This is a cohort-based course and the lessons will start unlocking on July 14th, 2025.
Building AI applications that are genuinely useful involves more than just hitting an LLM API and getting back stock chat responses.
The difference between a proof-of-concept and a production application lies in the details.
Generic chat responses might work for demos, but professional applications need appropriate outputs that align with specific requirements.
In a professional environment code is (ideally) tested, metrics are collected, analytics are displayed somewhere.
AI development can follow these established patterns.
You will hit roadblocks when trying to:
- Implement essential backend infrastructure (databases, caching, auth) specifically for AI-driven applications.
- Debug and understand the "black box" of AI agent decisions, especially when multiple tools are involved.
- Ensure chat persistence, reliable routing, and real-time UI updates for a seamless user experience.
- Objectively measure AI performance moving beyond subjective "vibe checks" for improvements.
- Manage complex agent logic without creating brittle, monolithic prompts that are hard to maintain and optimize.
In this course you will build out a "DeepSearch" AI application from the ground up to help you understand and implement these patterns and ensure a production-ready product.

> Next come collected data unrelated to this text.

Lemma is_lift_lphi_invertible (x y z : ob E) (f : hom1 x y) (g : hom1 z y)
  (h : hom1 (F0 P z) (F0 P x)) (a : hom2 (comp1 (F1 P f) h) (F1 P g))
  (ht : hom1 z x) (at_ : hom2 (comp1 f ht) g) (bt : hom2 (F1 P ht) h) :
  is_lift a at_ bt -> invertible2 (lphi P f ht).
Proof.
  intros [Ha [Hat [Hbt Hlift]]].
  apply (invertible2_vcomp_r (b := F2 P at_)); [rewrite <- Hlift | now apply F2_invertible].
  apply invertible2_vcomp; [exact Ha | apply invertible2_hcomp; auto using invertible2_id].
Qed.

Lemma is_fhom2_iff (b : ob B) (x y : ob E) (px : F0 P x = b) (py : F0 P y = b)
  (h h' : fhom1 px py) (a : hom2 (projT1 h) (projT1 h')) :
  is_fhom2 (h := h) (h' := h') a <-> eqcell (projT2 h') • F2 P a = eqcell (projT2 h).
Proof.
  unfold is_fhom2. rewrite cast2_eqcell. split; intro Ha.
  - now rewrite <- (vcomp_id_l (eqcell (projT2 h))), <- Ha, <- vcomp_assoc, eqcell_sym_l,
      vcomp_id_r.
  - now rewrite Ha, eqcell_sym_r.
Qed.

(* The cells [id_b => P k o P h => P (k o h)] and [id_b => P (id x)] at which
   [fcomp] and [fid] are the chosen lifts. *)
Definition comp_over (b : ob B) (x y z : ob E) (px : F0 P x = b) (py : F0 P y = b)
  (pz : F0 P z = b) (k : fhom1 py pz) (h : fhom1 px py) :
  hom2 (idover px pz) (F1 P (comp1 (projT1 k) (projT1 h))) :=
  lphi P (projT1 k) (projT1 h)
  • ((eqcell (eq_sym (projT2 k)) ⋆ eqcell (eq_sym (projT2 h))) • idover_comp px py pz).

Definition id_over (b : ob B) (x : ob E) (px : F0 P x = b) :
  hom2 (idover px px) (F1 P (id1 x)) :=
  lphi0 P x • idover_id px.

Lemma F2_cleavage (cl : cleavage P) (x y : ob E) (u : hom1 x y)
  (k : hom1 (F0 P x) (F0 P y)) (c : hom2 k (F1 P u)) :
  F2 P (proj1_sig (projT2 (projT2 (cl x y u k c))))
  = c • eqcell (projT1 (projT2 (cl x y u k c))).
Proof. destruct (cl x y u k c) as [v [e [a Ha]]]. exact (cast2_refl_r Ha). Qed.

Definition fcomp_cell (cl : cleavage P) (b : ob B) (x y z : ob E) (px : F0 P x = b)
  (py : F0 P y = b) (pz : F0 P z = b) (k : fhom1 py pz) (h : fhom1 px py) :
  hom2 (projT1 (fcomp cl k h)) (comp1 (projT1 k) (projT1 h)) :=
  proj1_sig (projT2 (projT2 (cl x z _ (idover px pz) (comp_over k h)))).

Lemma F2_fcomp_cell (cl : cleavage P) (b : ob B) (x y z : ob E) (px : F0 P x = b)
  (py : F0 P y = b) (pz : F0 P z = b) (k : fhom1 py pz) (h : fhom1 px py) :
  F2 P (fcomp_cell cl k h) = comp_over k h • eqcell (projT2 (fcomp cl k h)).
Proof. apply F2_cleavage. Qed.

Definition fid_cell (cl : cleavage P) (b : ob B) (x : ob E) (px : F0 P x = b) :
  hom2 (projT1 (fid cl px)) (id1 x) :=
  proj1_sig (projT2 (projT2 (cl x x (id1 x) (idover px px) (id_over px)))).

Lemma F2_fid_cell (cl : cleavage P) (b : ob B) (x : ob E) (px : F0 P x = b) :
  F2 P (fid_cell cl px) = id_over px • eqcell (projT2 (fid cl px)).
Proof. apply F2_cleavage. Qed.

End LaxFunctor.

Section Fibration.
Variables (E B : bicat) (P : lax_functor E B).
Hypothesis HP : fibered_in_pseudogroupoids P.

Lemma invertible2_of_F2 (x y : ob E) (v u : hom1 x y) (a : hom2 v u) :
  invertible2 (F2 P a) -> invertible2 a.
Proof.
  intros [d [Hd1 Hd2]].
  pose proof HP as [_ [_ Hloc]]. destruct (Hloc x y) as [Hcart _].
  destruct (Hcart v u a u (id2 u) d) as [a' [[Ha'1 Ha'2] _]].
  { now rewrite Hd2, F2_id. }
  exists a'. split; [| exact Ha'2].
  destruct (Hcart v u a v a (id2 (F1 P v))) as [c [_ Hunique]].
  { apply vcomp_id_r. }
  transitivity c.
  - symmetry. apply Hunique. split.
    + now rewrite F2_vcomp, Ha'1, Hd1.
    + now rewrite vcomp_assoc, Ha'2, vcomp_id_l.
  - apply Hunique. split; [apply F2_id | apply vcomp_id_r].
Qed.

Lemma local_lift (x y : ob E) (u : hom1 x y) (k : hom1 (F0 P x) (F0 P y))
  (c : hom2 k (F1 P u)) :
  invertible2 c ->
  exists (v : hom1 x y) (e : F1 P v = k) (a : hom2 v u),
    F2 P a = c • eqcell e /\ invertible2 a.
Proof.
  intro Hc. pose proof HP as [_ [_ Hloc]].
  destruct (proj2 (Hloc x y) u k c) as [v [e [a Ha]]].
  apply cast2_refl_r in Ha. exists v, e, a. split; [exact Ha |].
  apply invertible2_of_F2. rewrite Ha.
  apply invertible2_vcomp; [exact Hc | apply invertible2_eqcell].
Qed.

(* Lifting [runit] along the cartesian [id1 x] and comparing with the unit law
   [lphi_lunit] shows that [lphi0 x] becomes invertible once whiskered. *)
Lemma lphi0_invertible (x : ob E) : invertible2 (lphi0 P x).
Proof.
  pose proof HP as [Hcart _].
  destruct (proj1 (Hcart x x (id1 x)) x (id1 x) (id1 (F0 P x)) (runit (F1 P (id1 x)))
              (invertible2_runit _)) as [ht [at_ [bt Hlift]]].
  pose proof (is_lift_lphi_invertible Hlift) as Hphi.
  destruct Hlift as [_ [_ [Hbt _]]].
  apply invertible2_of_rwhisker_id1, (invertible2_rwhisker_transport Hbt).
  apply (invertible2_vcomp_r (b := lphi P (id1 x) ht)); [| exact Hphi].
  apply (invertible2_vcomp_r (b := F2 P (lunit ht))); [| apply F2_invertible, invertible2_lunit].
  rewrite <- lphi_lunit. apply invertible2_lunit.
Qed.

Lemma fiber_hom2_finvertible (b : ob B) (x y : ob E) (px : F0 P x = b) (py : F0 P y = b)
  (h h' : fhom1 px py) (a : hom2 (projT1 h) (projT1 h')) :
  is_fhom2 (h := h) (h' := h') a -> finvertible2 (h := h) (h' := h') a.
Proof.
  intro Ha. apply is_fhom2_iff in Ha.
  assert (Hinv : invertible2 a).
  { apply invertible2_of_F2, (invertible2_vcomp_r (b := eqcell (projT2 h')));
      rewrite ?Ha; apply invertible2_eqcell. }
  destruct Hinv as [a' [Ha1 Ha2]]. exists a'. split; [| split; assumption].
  apply is_fhom2_iff.
  now rewrite <- Ha, <- vcomp_assoc, <- F2_vcomp, Ha2, F2_id, vcomp_id_r.
Qed.

Lemma fiber_cell_of_lifts (b : ob B) (x y z : ob E) (px : F0 P x = b) (pz : F0 P z = b)
  (f : hom1 x y) (g : hom1 z y) (a : hom2 (comp1 (F1 P f) (idover pz px)) (F1 P g))
  (h h' : fhom1 pz px) (at_ : hom2 (comp1 f (projT1 h)) g)
  (at' : hom2 (comp1 f (projT1 h')) g) :
  is_lift a at_ (eqcell (projT2 h)) -> is_lift a at' (eqcell (projT2 h')) ->
  exists d : hom2 (projT1 h) (projT1 h'), is_fhom2 (h := h) (h' := h') d.
Proof.
  intros Hl Hl'. pose proof HP as [Hcart _].
  destruct (proj2 (Hcart x y f) z g g (id2 g) _ _ a a _ _ _ _ _ _ Hl Hl' (id2 _))
    as [d [[_ Hd] _]].
  { now rewrite hcomp_id, vcomp_id_r, F2_id, vcomp_id_l. }
  exists d. apply is_fhom2_iff. now rewrite Hd, vcomp_id_l.
Qed.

Days 00-02: Getting Started
You’ll start with a project that is already built out using Next.js TypeScript (of course), PostgreSQL through the Drizzle ORM, and Redis for caching.
The first couple of days you will implement fundamental AI app features building out a Naive agent. You’ll start by hooking up an LLM of your choice to the Next.js app using the AI SDK and implement a search tool it can use to supplement its knowledge when conversing with users.

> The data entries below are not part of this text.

(* Let $t_0\in\mathbb{R}$, $q_0\ge 0$, $\mu>0$, $\alpha>0$, let $X:[t_0,+\infty)\to[0,+\infty)$ be continuous, and let $q$ be the solution of $$q'(t)=X(t)-\Big[\mu+e^{-\alpha q(t)}\big(\min\{\mu,X(t)\}-\mu\big)\Big],\qquad q(t_0)=q_0.$$ Define the exit time $\Lambda(t)=t+\dfrac{q(t)}{\mu}$. Then for all $t_0\le t<s$ we have $\Lambda(t)<\Lambda(s)$.
   Context: This ODE is the logistic queue model: $q$ is the queue size, $X$ the inflow, $\mu>0$ the maximum outflow rate and $\alpha>0$ a fixed model parameter. $\Lambda(t)$ is interpreted as the exit time of an entity arriving at time $t$. *)

From Stdlib Require Import Reals.
From Coquelicot Require Export Coquelicot.
Open Scope R_scope.

Definition queue_rhs (mu alpha x qv : R) : R :=
  x - (mu + exp (- alpha * qv) * (Rmin mu x - mu)).

Definition exit_time (mu : R) (q : R -> R) (t : R) : R := t + q t / mu.

(* The exit time has derivative Λ' = 1 + q'/μ = (X + e^{-αq} (μ - min(μ, X)))/μ, which is
   strictly positive because X ≥ 0 and e^{-αq} > 0.  By the mean value theorem Λ is
   strictly increasing on (t0, +∞), and right-continuity of q at t0 extends this to t = t0. *)
From Stdlib Require Import Reals Lra Psatz.
From Coquelicot Require Import Coquelicot.
Open Scope R_scope.

Lemma queue_rhs_gt_opp (mu alpha x qv : R) :
  0 < mu -> 0 <= x -> - mu < queue_rhs mu alpha x qv.
Proof.
  intros Hmu Hx. unfold queue_rhs.
  pose proof (exp_pos (- alpha * qv)).
  unfold Rmin; destruct (Rle_dec mu x); nra.
Qed.

Lemma is_derive_exit_time (mu : R) (q : R -> R) (t dq : R) :
  mu <> 0 -> is_derive q t dq -> is_derive (exit_time mu q) t (1 + dq / mu).
Proof.
  intros Hmu Hq.
  pose proof (is_derive_div q (fun _ => mu) t dq 0 Hq (is_derive_const mu t) Hmu) as Hdiv.
  replace (1 + dq / mu) with (plus one ((dq * mu - q t * 0) / mu ^ 2))
    by (unfold plus, one; simpl; field; exact Hmu).
  exact (is_derive_plus (fun t => t) _ t _ _ (is_derive_id t) Hdiv).
Qed.

Lemma filterlim_id_at_right (a : R) :
  filterlim (fun t : R => t) (at_right a) (locally a).
Proof.
  apply (filterlim_filter_le_1 (G := at_right a) (F := locally a)).
  - apply filter_le_within.
  - apply filterlim_id.
Qed.

Lemma filterlim_exit_time_at_right (mu a : R) (q : R -> R) :
  filterlim q (at_right a) (locally (q a)) ->
  filterlim (exit_time mu q) (at_right a) (locally (exit_time mu q a)).
Proof.
  intros Hq.
  pose proof (filterlim_comp _ _ _ _ _ _ _ _ Hq (filterlim_scal_r (/ mu) (q a))) as Hscal.
  pose proof (filterlim_comp_2 _ _ _ (filterlim_id_at_right a) Hscal (filterlim_plus a _))
    as Hsum.
  unfold exit_time.
  replace (a + q a / mu) with (plus a (scal (/ mu) (q a)))
    by (unfold plus, scal; simpl; unfold mult; simpl; unfold Rdiv; ring).
  eapply filterlim_ext; [|exact Hsum].
  intros t; simpl. unfold plus, scal; simpl; unfold mult; simpl; unfold Rdiv; ring.
Qed.

Lemma increasing_of_is_derive_pos (f df : R -> R) (a : R) :
  (forall t, a < t -> is_derive f t (df t)) -> (forall t, a < t -> 0 < df t) ->
  forall t s, a < t -> t < s -> f t < f s.
Proof.
  intros Hf Hdf t s Ht Hts.
  destruct (MVT_gen f t s df) as [c [Hc Hmvt]].
  - intros x Hx. rewrite Rmin_left in Hx by lra. apply Hf. lra.
  - intros x Hx. rewrite Rmin_left in Hx by lra.
    apply continuity_pt_filterlim,
      (ex_derive_continuous (K := R_AbsRing) (V := R_NormedModule)).
    exists (df x). apply Hf. lra.
  - rewrite Rmin_left, Rmax_right in Hc by lra.
    pose proof (Hdf c ltac:(lra)). nra.
Qed.

Lemma right_continuous_increasing_lt (f : R -> R) (a : R) :
  filterlim f (at_right a) (locally (f a)) ->
  (forall t s, a < t -> t < s -> f t < f s) ->
  forall s, a < s -> f a < f s.
Proof.
  intros Hfa Hf s Hs.
  set (m := (a + s) / 2).
  assert (Ham : 0 < m - a) by (unfold m; lra).
  assert (Hle : f a <= f m).
  { apply (filterlim_le (F := at_right a) f (fun _ => f m) (f a) (f m)); auto.
    - exists (mkposreal _ Ham). intros u Hu Hau.
      apply Rlt_le, Hf; [exact Hau|].
      unfold ball in Hu; simpl in Hu; unfold AbsRing_ball, abs, minus, plus, opp in Hu;
        simpl in Hu. apply Rabs_def2 in Hu. lra.
    - apply filterlim_const. }
  pose proof (Hf m s ltac:(unfold m; lra) ltac:(unfold m; lra)). lra.
Qed.

Theorem mainTheorem5 (t0 q0 mu alpha : R) (X q : R -> R)
  (Hq0 : 0 <= q0) (Hmu : 0 < mu) (Halpha : 0 < alpha)
  (HXnn : forall t, t0 <= t -> 0 <= X t)
  (HXc : forall t, t0 < t -> continuous X t)
  (HXc0 : filterlim X (at_right t0) (locally (X t0)))
  (Hinit : q t0 = q0)
  (Hq_cont0 : filterlim q (at_right t0) (locally (q t0)))
  (Hode : forall t, t0 < t -> is_derive q t (queue_rhs mu alpha (X t) (q t))) :
  forall t s, t0 <= t -> t < s -> exit_time mu q t < exit_time mu q s.
Proof.
  set (dexit t := 1 + queue_rhs mu alpha (X t) (q t) / mu).
  assert (Hder : forall t, t0 < t -> is_derive (exit_time mu q) t (dexit t)).
  { intros t Ht. apply is_derive_exit_time; [lra | exact (Hode t Ht)]. }
  assert (Hdpos : forall t, t0 < t -> 0 < dexit t).
  { intros t Ht. unfold dexit.
    pose proof (queue_rhs_gt_opp mu alpha (X t) (q t) Hmu (HXnn t ltac:(lra))).
    replace (1 + queue_rhs mu alpha (X t) (q t) / mu)
      with ((mu + queue_rhs mu alpha (X t) (q t)) / mu) by (field; lra).
    apply Rdiv_lt_0_compat; lra. }
  pose proof (increasing_of_is_derive_pos _ _ t0 Hder Hdpos) as Hincr.
  intros t s Ht Hts.
  destruct (Rle_lt_or_eq_dec _ _ Ht) as [Ht0 | <-].
  - exact (Hincr t s Ht0 Hts).
  - exact (right_continuous_increasing_lt _ t0
      (filterlim_exit_time_at_right mu t0 q Hq_cont0) Hincr s Hts).
Qed.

Chats with an LLM don’t save themselves so you will also save conversations to the database as well.
Days 03-05: Improve Your Agent through Observability and Evals
The first real differentiator between a vibe-coded side project and a production-ready product you can feel confident putting in front of customers is observability and evals.
You need to know what is going on with your LLM calls as well as need an objective means to judge the output that LLMs are producing.

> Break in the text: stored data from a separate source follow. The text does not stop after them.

Lemma natmin0 (Q : nat -> Prop) : (forall k, ~ Q k) -> natmin Q = 0.
Proof.
move=> noQ; rewrite /natmin; case: excluded_middle_informative => // H.
by exfalso; case: H => m [/noQ].
Qed.

Lemma eq_natmin (Q Q' : nat -> Prop) :
  (forall d, Q d -> exists2 d', Q' d' & d' <= d) ->
  (forall d, Q' d -> exists2 d', Q d' & d' <= d) -> natmin Q = natmin Q'.
Proof.
move=> QQ' Q'Q.
have [[k Qk]|noQ] := classic (exists k, Q k); last first.
  rewrite !natmin0 // => k Qk; apply: noQ; last by exists k.
  by have [d Qd _] := Q'Q _ Qk; exists d.
have [Qm minQ] := natminP Qk; have [k' Q'k' _] := QQ' _ Qk.
have [Q'm minQ'] := natminP Q'k'.
have [a Qa le_a] := Q'Q _ Q'm; have [b Q'b le_b] := QQ' _ Qm.
by move: (minQ _ Qa) (minQ' _ Q'b); lia.
Qed.

Lemma leq_dH J J' K K' :
  {subset [seq x <- J | x \notin J'] <= [seq x <- K | x \notin K']} -> dH J J' <= dH K K'.
Proof.
move=> sub; apply: uniq_leq_size; first exact: undup_uniq.
by move=> x; rewrite !mem_undup => /sub.
Qed.

(* Going down, restrict the reversed judgment set to A1; going up, complete a
   reversed judgment set on A1 by the A2-part of J_i, which costs nothing. *)
Lemma s_rev_restrictJ Gamma I I1 I2 Ji phi :
  agenda_partition I I1 I2 -> independent Gamma I1 I2 ->
  inJ Gamma I Ji -> phi \in agf I1 ->
  s_rev Gamma I Ji phi = s_rev Gamma I1 (restrictJ I1 Ji) phi.
Proof.
move=> part ind hJi phiA1; have [s1 s2 _ _ _] := part.
apply: eq_natmin => d.
  move=> [J' [hJ' phiJ' <-]]; exists (dH (restrictJ I1 Ji) (restrictJ I1 J')).
    exists (restrictJ I1 J'); split=> //; first exact: inJ_restrictJ s1 hJ'.
    by rewrite mem_filter (negbTE phiJ') andbF.
  apply: leq_dH => x; rewrite !mem_filter => /andP[nx /andP[xA1 xJi]].
  by rewrite xJi andbT; move: nx; rewrite xA1.
move=> [J1' [h1' phiJ1' <-]]; have h2 := inJ_restrictJ s2 hJi.
exists (dH Ji (J1' ++ restrictJ I2 Ji)).
  exists (J1' ++ restrictJ I2 Ji); split=> //; first exact: (inJ_cat part ind h1' h2).
  rewrite mem_cat (negbTE phiJ1') /=; apply/negP => phiJ2.
  have phiA2 : phi \in agf I2 by case: h2 => sJ2 _ _; apply: sJ2.
  by rewrite (mem_agf_overlap part ind phiA1 phiA2 h1' h2) phiJ2 in phiJ1'.
apply: leq_dH => x; rewrite !mem_filter mem_cat negb_or => /andP[/andP[nx1 nx2] xJi].
rewrite xJi nx1 /= andbT; move: nx2; rewrite mem_filter xJi andbT => nxA2.
by move: (inJ_mem_agf part hJi xJi); rewrite (negbTE nxA2) orbF.
Qed.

This is exactly what the next few days are about. You’ll hook up your app to LangFuse and get familiar with looking through traces produced by the application.
Once you can see what you’re LLM is doing, now’s the time to test inputs and outputs of your agent using evals. Evals are the unit test of the AI application world and we’ll start by wiring up Evalite which is an open-source, vitest-based runner. You’ll learn about what makes good success criteria and build out your evals including implementing LLM-as-a-Judge and custom Datasets specific to your product. We’ll also discuss how you can capture negative feedback intro traces that you can feed into your app to make it better.
Days 06-07: Agent Architecture
Up until this point, your app is driven by an increasingly large prompt that will become unwieldy and impossible to test and iterate on when your app complexity grows.
We’ll take these next two days to revisit the over-all architecture of our application and refactor it to better handle complex mutli-step AI processes. The primary idea behind this refactor is called Task Decomposition where you allow a smart LLM model determine the next steps to take based on the current conversation but allow room to hand off actual action to focused or cheaper models.
Days 08-09: Advanced Patterns
The last two days we will evaluate what our deepsearch agent is and how we can further optimize output. You’ll learn the differences between “Agent” and “Workflow” and see how in this use-case we’ll lean harder into workflow patterns to build a more reliable product.
In ai-land, this pattern is called the evaluator-optimizer loop which effectively means that if the agent has enough information, it will answer the question presented but if it doesn’t it will search for more information. With this pattern defined we’ll embrace and optimize around its design.
By the end of this cohort you will be confident in building out AI applications that are reliable and will improve through iteration and user feedback. LLM models and the whole AI field is changing rapidly so understanding these fundamentals will give you a foundation to navigate building applications for years to come.